Suatu hari Kayla menghindar motor yang tiba-tiba muncul dari arah samping, sehingga mengalami kecelakaan dan koma. Dalam alam bawah sadarnya, Kayla melihat mendiang kedua orang tuanya sedang disiksa di dalam neraka, begitu juga dengan ketiga adik kesayangannya. Begitu sadar dari koma, Kayla berjanji akan bertaubat.

Ashabi, orang yang menyebabkan Kayla kecelakaan, mendukung perubahannya. Dia menebus pembebasan Kayla dari Mami Rose, sebanyak 100 juta.

Ketika Kayla diajak ke rumah Ashabi, dia melihat Dalfa, pria yang merudapaksa dirinya saat masih remaja.
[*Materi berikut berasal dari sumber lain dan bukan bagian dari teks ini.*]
(* Let $\mathcal S \subseteq U(4)$ be a set of two-qubit unitaries with the following property: for any $G_1,G_2,G_3 \in \mathcal S$ there exist $G_4,G_5,G_6\in\mathcal S$ with $$G_1^{(1)} G_2^{(2)} G_3^{(1)} = G_4^{(2)} G_5^{(1)} G_6^{(2)}$$ as operators on $(\mathbb C^2)^{\otimes 3}$, and conversely, for any $G_4,G_5,G_6\in\mathcal S$ there exist $G_1,G_2,G_3\in\mathcal S$ with the same equality. Then for any $A_1,\dots,A_6 \in \mathcal S$ there exist $B_1,\dots,B_6\in\mathcal S$ such that, as operators on $(\mathbb C^2)^{\otimes 4}$, $$A_6^{(2)}\,A_5^{(1)}A_4^{(3)}\,A_3^{(2)}\,A_2^{(1)}A_1^{(3)} \;=\; B_6^{(1)}B_5^{(3)}\,B_4^{(2)}\,B_3^{(1)}B_2^{(3)}\,B_1^{(2)}.$$ (In circuit language, read left to right in time: a four-qubit circuit whose four layers are {gates on qubits (1,2) and (3,4)}, {gate on (2,3)}, {gates on (1,2) and (3,4)}, {gate on (2,3)} equals a circuit with layers {gate on (2,3)}, {gates on (1,2) and (3,4)}, {gate on (2,3)}, {gates on (1,2) and (3,4)}, with gates from $\mathcal S$.)
   Context: For a two-qubit unitary $G\in U(4)$ and a register of $n$ qubits, $G^{(i)}$ denotes $I_{2^{i-1}} \otimes G \otimes I_{2^{n-i-1}}$, i.e. $G$ acting on the adjacent qubits $i$ and $i+1$ and the identity elsewhere. Operator products act right to left (the rightmost factor is applied first). *)

From HB Require Import structures.
From mathcomp Require Import all_boot all_order all_algebra.
From mathcomp Require Import complex mxtens.
From mathcomp Require Import Rstruct.
Set Implicit Arguments. Unset Strict Implicit. Unset Printing Implicit Defensive.
Import Order.TTheory GRing.Theory Num.Theory.
Local Open Scope ring_scope.

Notation C := (complex Rdefinitions.R).
Definition C_nct : numClosedFieldType := C.

Definition adjmx (m n : nat) (A : 'M[C]_(m, n)) : 'M[C]_(n, m) :=
  (map_mx (fun z : C => z^*) A)^T.

Definition unitary (d : nat) (A : 'M[C]_d) : Prop :=
  A *m adjmx A = 1%:M /\ adjmx A *m A = 1%:M.

(* G^{(i)} on n qubits: I_{2^(i-1)} (x) G (x) I_{2^(n-i-1)}, a 2^n x 2^n
   matrix (Kronecker product via mxtens.tensmx, standard row-major index
   convention, qubit 1 = most significant tensor factor).  conform_mx only
   serves to give it the type 'M_(2^n); for 1 <= i <= n-1 the dimensions
   agree and the result is exactly the Kronecker product. *)
Definition gate (n i : nat) (G : 'M[C]_4) : 'M[C]_(2 ^ n) :=
  conform_mx (0 : 'M[C]_(2 ^ n))
    ((1%:M : 'M[C]_(2 ^ (i - 1))) *t G *t (1%:M : 'M[C]_(2 ^ (n - i - 1)))).

From HB Require Import structures.
From mathcomp Require Import all_boot all_order all_algebra.
From mathcomp Require Import complex mxtens Rstruct.
Set Implicit Arguments. Unset Strict Implicit. Unset Printing Implicit Defensive.
Import GRing.Theory.
Local Open Scope ring_scope.

(* The theorem is a statement about words in three families of gates
   g1, g2, g3 (gates on qubits (1,2), (2,3), (3,4) of a four-qubit register)
   satisfying two kinds of relations:
   - g1 and g3 act on disjoint qubits, hence commute;
   - each of the adjacent pairs (g1, g2) and (g2, g3) is "braid closed":
     every word a b a with gates from S can be rewritten as a word b a b with
     gates from S, and conversely.  It then checks that
   the concrete gates satisfy the hypotheses: the gates on four qubits are
   Kronecker products of the three-qubit gates with a one-qubit identity,
   X |-> X (x) I2 and X |-> I2 (x) X are multiplicative, so the three-qubit
   braid closure transports to qubits 1-3 and 2-4, and gates on (1,2) and
   (3,4) commute as (A (x) I) (I (x) B) = A (x) B = (I (x) B) (A (x) I). *)

Section BraidClosure.
Variables (G : Type) (S : G -> Prop) (R : pzRingType) (n : nat).

Definition aba_to_bab (a b : G -> 'M[R]_n) : Prop :=
  forall G1 G2 G3, S G1 -> S G2 -> S G3 ->
    exists G4 G5 G6, [/\ S G4, S G5, S G6 &
      a G1 *m b G2 *m a G3 = b G4 *m a G5 *m b G6].

Definition bab_to_aba (a b : G -> 'M[R]_n) : Prop :=
  forall G4 G5 G6, S G4 -> S G5 -> S G6 ->
    exists G1 G2 G3, [/\ S G1, S G2, S G3 &
      a G1 *m b G2 *m a G3 = b G4 *m a G5 *m b G6].

End BraidClosure.

Section BraidClosureMap.
Variables (G : Type) (S : G -> Prop) (R : pzRingType) (m n : nat).
Variables (a b : G -> 'M[R]_m) (a' b' : G -> 'M[R]_n) (f : 'M[R]_m -> 'M[R]_n).
Hypothesis fM : {morph f : x y / x *m y}.
Hypotheses (fa : forall x, f (a x) = a' x) (fb : forall x, f (b x) = b' x).

Lemma map_braid3 x y z u v w :
  a x *m b y *m a z = b u *m a v *m b w ->
  a' x *m b' y *m a' z = b' u *m a' v *m b' w.
Proof. by move=> /(congr1 f); rewrite !fM !fa !fb. Qed.

Lemma aba_to_bab_map : aba_to_bab S a b -> aba_to_bab S a' b'.
Proof.
move=> ab x y z Sx Sy Sz; have [u [v [w [Su Sv Sw /map_braid3 e]]]] := ab x y z Sx Sy Sz.
by exists u, v, w.
Qed.

Lemma bab_to_aba_map : bab_to_aba S a b -> bab_to_aba S a' b'.
Proof.
move=> ba u v w Su Sv Sw; have [x [y [z [Sx Sy Sz /map_braid3 e]]]] := ba u v w Su Sv Sw.
by exists x, y, z.
Qed.

End BraidClosureMap.

Section LayerSwap.
Variables (G : Type) (S : G -> Prop) (R : pzRingType) (n : nat).
Variables (g1 g2 g3 : G -> 'M[R]_n).
Hypothesis g13_comm : forall x y, g1 x *m g3 y = g3 y *m g1 x.
Hypotheses (fwd12 : aba_to_bab S g1 g2) (fwd23 : aba_to_bab S g2 g3).
Hypotheses (bwd12 : bab_to_aba S g1 g2) (bwd23 : bab_to_aba S g2 g3).

(* The relations, applied inside a right-associated word X. *)
Let braid_in (a b c d e f : 'M[R]_n) : a *m b *m c = d *m e *m f ->
  forall p (X : 'M[R]_(n, p)), a *m (b *m (c *m X)) = d *m (e *m (f *m X)).
Proof. by move=> abc p X; rewrite !mulmxA abc. Qed.

Let g13_comm_in x y p (X : 'M[R]_(n, p)) : g1 x *m (g3 y *m X) = g3 y *m (g1 x *m X).
Proof. by rewrite !mulmxA g13_comm. Qed.

Lemma layer_swap A1 A2 A3 A4 A5 A6 :
  S A1 -> S A2 -> S A3 -> S A4 -> S A5 -> S A6 ->
  exists B1 B2 B3 B4 B5 B6,
    [/\ S B1, S B2 & S B3] /\ [/\ S B4, S B5 & S B6] /\
    g2 A6 *m g1 A5 *m g3 A4 *m g2 A3 *m g1 A2 *m g3 A1 =
    g1 B6 *m g3 B5 *m g2 B4 *m g1 B3 *m g3 B2 *m g2 B1.
Proof.
move=> S1 S2 S3 S4 S5 S6.
have [C4 [C5 [C6 [SC4 SC5 SC6 /braid_in eC]]]] := fwd12 S5 S3 S2.
have [D4 [D5 [D6 [SD4 SD5 SD6 /braid_in eD]]]] := fwd23 S6 S4 SC4.
have [E1 [E2 [E3 [SE1 SE2 SE3 /braid_in eE]]]] := bwd23 SD6 SC6 S1.
have [F1 [F2 [F3 [SF1 SF2 SF3 /braid_in eF]]]] := bwd12 SD5 SC5 SE1.
exists E3, E2, F3, F2, D4, F1; split=> //; split=> //.
(* Right-associate both words (closed by the identity) so that the relations
   apply inside them; the rewriting then runs through
   g2 A6 . g1 A5 . g3 A4 . g2 A3 . g1 A2 . g3 A1
   = g2 A6 . g3 A4 . [g1 A5 . g2 A3 . g1 A2] . g3 A1
   = [g2 A6 . g3 A4 . g2 C4] . g1 C5 . g2 C6 . g3 A1
   = g3 D4 . g2 D5 . g1 C5 . [g3 D6 . g2 C6 . g3 A1]
   = g3 D4 . [g2 D5 . g1 C5 . g2 E1] . g3 E2 . g2 E3
   = g3 D4 . g1 F1 . g2 F2 . g1 F3 . g3 E2 . g2 E3
   = g1 F1 . g3 D4 . g2 F2 . g1 F3 . g3 E2 . g2 E3. *)
rewrite -[LHS]mulmx1 -[RHS]mulmx1 -!mulmxA.
rewrite (g13_comm_in A5 A4) eC eD -(g13_comm_in C5 D6) -eE -eF.
by rewrite -(g13_comm_in F1 D4).
Qed.

End LayerSwap.

Lemma mxtens_indexA k l r (x : 'I_k) (y : 'I_l) (z : 'I_r)
    (e : (k * (l * r) = k * l * r)%N) :
  cast_ord e (mxtens_index (x, mxtens_index (y, z)))
  = mxtens_index (mxtens_index (x, y), z).
Proof. by apply: val_inj => /=; rewrite mulnDl -mulnA addnA. Qed.

Section KroneckerAssoc.
Variable R : pzRingType.

Lemma tensmxA m n p q r s (A : 'M[R]_(m, n)) (B : 'M[R]_(p, q)) (D : 'M[R]_(r, s)) :
  A *t (B *t D) = castmx (esym (mulnA m p r), esym (mulnA n q s)) (A *t B *t D).
Proof.
apply/matrixP => i j.
case: (mxtens_indexP i) => i1 i23; case: (mxtens_indexP i23) => i2 i3.
case: (mxtens_indexP j) => j1 j23; case: (mxtens_indexP j23) => j2 j3.
by rewrite castmxE !mxtens_indexA !tensmxE mulrA.
Qed.

Lemma tensmx11 m n : (1%:M : 'M[R]_m) *t (1%:M : 'M[R]_n) = 1%:M.
Proof.
apply/matrixP => i j.
case: (mxtens_indexP i) => i1 i2; case: (mxtens_indexP j) => j1 j2.
rewrite tensmxE !mxE (inj_eq (can_inj (@mxtens_indexK m n))) xpair_eqE.
by rewrite mulrnAr mulr1 -mulrnA mulnb.
Qed.

End KroneckerAssoc.

Lemma tensmx_mul1r (R : comPzRingType) m k (X Y : 'M[R]_m) :
  (X *m Y) *t (1%:M : 'M[R]_k) = (X *t 1%:M) *m (Y *t 1%:M).
Proof. by rewrite tensmx_mul mulmx1. Qed.

Lemma tensmx_mul1l (R : comPzRingType) m k (X Y : 'M[R]_m) :
  (1%:M : 'M[R]_k) *t (X *m Y) = (1%:M *t X) *m (1%:M *t Y).
Proof. by rewrite tensmx_mul mulmx1. Qed.

Notation I2 := (1%:M : 'M[C]_2).
Notation I4 := (1%:M : 'M[C]_4).

Lemma gate3_1 (A : 'M[C]_4) : gate 3 1 A = A *t I2.
Proof. by rewrite /gate conform_mx_id tens_scalar1mx castmx_id. Qed.

Lemma gate3_2 (A : 'M[C]_4) : gate 3 2 A = I2 *t A.
Proof. by rewrite /gate conform_mx_id tens_mx_scalar scale1r castmx_id. Qed.

Lemma gate4_1 (A : 'M[C]_4) : gate 4 1 A = A *t I4.
Proof. by rewrite /gate conform_mx_id tens_scalar1mx castmx_id. Qed.

Lemma gate4_2 (A : 'M[C]_4) : gate 4 2 A = I2 *t A *t I2.
Proof. by rewrite /gate conform_mx_id. Qed.

Lemma gate4_3 (A : 'M[C]_4) : gate 4 3 A = I4 *t A.
Proof. by rewrite /gate conform_mx_id tens_mx_scalar scale1r castmx_id. Qed.

Lemma gate4_1_lower (A : 'M[C]_4) : gate 4 1 A = gate 3 1 A *t I2.
Proof. by rewrite gate4_1 gate3_1; have := tensmxA A I2 I2; rewrite tensmx11 castmx_id. Qed.

Lemma gate4_2_lower (A : 'M[C]_4) : gate 4 2 A = gate 3 2 A *t I2.
Proof. by rewrite gate4_2 gate3_2. Qed.

Lemma gate4_2_upper (A : 'M[C]_4) : gate 4 2 A = I2 *t gate 3 1 A.
Proof. by rewrite gate4_2 gate3_1; have := tensmxA I2 A I2; rewrite castmx_id => ->. Qed.

Lemma gate4_3_upper (A : 'M[C]_4) : gate 4 3 A = I2 *t gate 3 2 A.
Proof.
by rewrite gate4_3 gate3_2; have := tensmxA I2 I2 A; rewrite tensmx11 castmx_id => ->.
Qed.

Lemma gate4_13_comm (A B : 'M[C]_4) :
  gate 4 1 A *m gate 4 3 B = gate 4 3 B *m gate 4 1 A.
Proof.
rewrite gate4_1 gate4_3.
have := tensmx_mul A I4 I4 B; have := tensmx_mul I4 B A I4.
by rewrite !mulmx1 !mul1mx => eBA eAB; rewrite eAB eBA.
Qed.

Theorem mainTheorem2 (S : 'M[C]_4 -> Prop) :
  (forall G, S G -> unitary G) ->
  (forall G1 G2 G3, S G1 -> S G2 -> S G3 ->
     exists G4 G5 G6, [/\ S G4, S G5, S G6 &
       gate 3 1 G1 *m gate 3 2 G2 *m gate 3 1 G3 =
       gate 3 2 G4 *m gate 3 1 G5 *m gate 3 2 G6]) ->
  (forall G4 G5 G6, S G4 -> S G5 -> S G6 ->
     exists G1 G2 G3, [/\ S G1, S G2, S G3 &
       gate 3 1 G1 *m gate 3 2 G2 *m gate 3 1 G3 =
       gate 3 2 G4 *m gate 3 1 G5 *m gate 3 2 G6]) ->
  forall A1 A2 A3 A4 A5 A6, S A1 -> S A2 -> S A3 -> S A4 -> S A5 -> S A6 ->
  exists B1 B2 B3 B4 B5 B6,
    [/\ S B1, S B2 & S B3] /\ [/\ S B4, S B5 & S B6] /\
    gate 4 2 A6 *m gate 4 1 A5 *m gate 4 3 A4 *m gate 4 2 A3
      *m gate 4 1 A2 *m gate 4 3 A1 =
    gate 4 1 B6 *m gate 4 3 B5 *m gate 4 2 B4 *m gate 4 1 B3
      *m gate 4 3 B2 *m gate 4 2 B1.
Proof.
move=> _ fwd bwd; apply: layer_swap; first exact: gate4_13_comm.
- apply: (aba_to_bab_map (f := fun X : 'M[C]_(2 ^ 3) => X *t I2)) fwd.
  + exact: tensmx_mul1r.
  + by move=> A; rewrite gate4_1_lower.
  + by move=> A; rewrite gate4_2_lower.
- apply: (aba_to_bab_map (f := fun X : 'M[C]_(2 ^ 3) => I2 *t X)) fwd.
  + exact: tensmx_mul1l.
  + by move=> A; rewrite gate4_2_upper.
  + by move=> A; rewrite gate4_3_upper.
- apply: (bab_to_aba_map (f := fun X : 'M[C]_(2 ^ 3) => X *t I2)) bwd.
  + exact: tensmx_mul1r.
  + by move=> A; rewrite gate4_1_lower.
  + by move=> A; rewrite gate4_2_lower.
- apply: (bab_to_aba_map (f := fun X : 'M[C]_(2 ^ 3) => I2 *t X)) bwd.
  + exact: tensmx_mul1l.
  + by move=> A; rewrite gate4_2_upper.
  + by move=> A; rewrite gate4_3_upper.
Qed.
Karya ini diterbitkan atas izin NovelToon Santi Suki, isi konten hanyalah pandangan pribadi pembuatnya, tidak mewakili NovelToon sendiri

Bab 19

Kayla tidak ingat bagaimana ia menyelesaikan sisa pekerjaannya hari itu. Setelah insiden pecahan teko kaca dan jari yang tergores, tubuhnya bekerja otomatis, mencuci piring, mengelap meja, menyapu lantai, merapikan dapur. Namun, pikirannya berputar tanpa henti pada satu adegan tangan Ashabi yang menggenggam jarinya, bibirnya yang refleks mengemut luka kecil itu, dan tatapan cemasnya yang begitu nyata.

Di kamar kecil tempat ia biasa beristirahat sejenak sebelum pulang, Kayla duduk di tepi kasur lipat dengan kedua tangan di pangkuannya. Kotak P3K masih terbuka di sampingnya; plester kecil sudah terpasang rapi di ujung jarinya, dipasang sendiri oleh Ashabi beberapa menit lalu, nyaris tanpa kata.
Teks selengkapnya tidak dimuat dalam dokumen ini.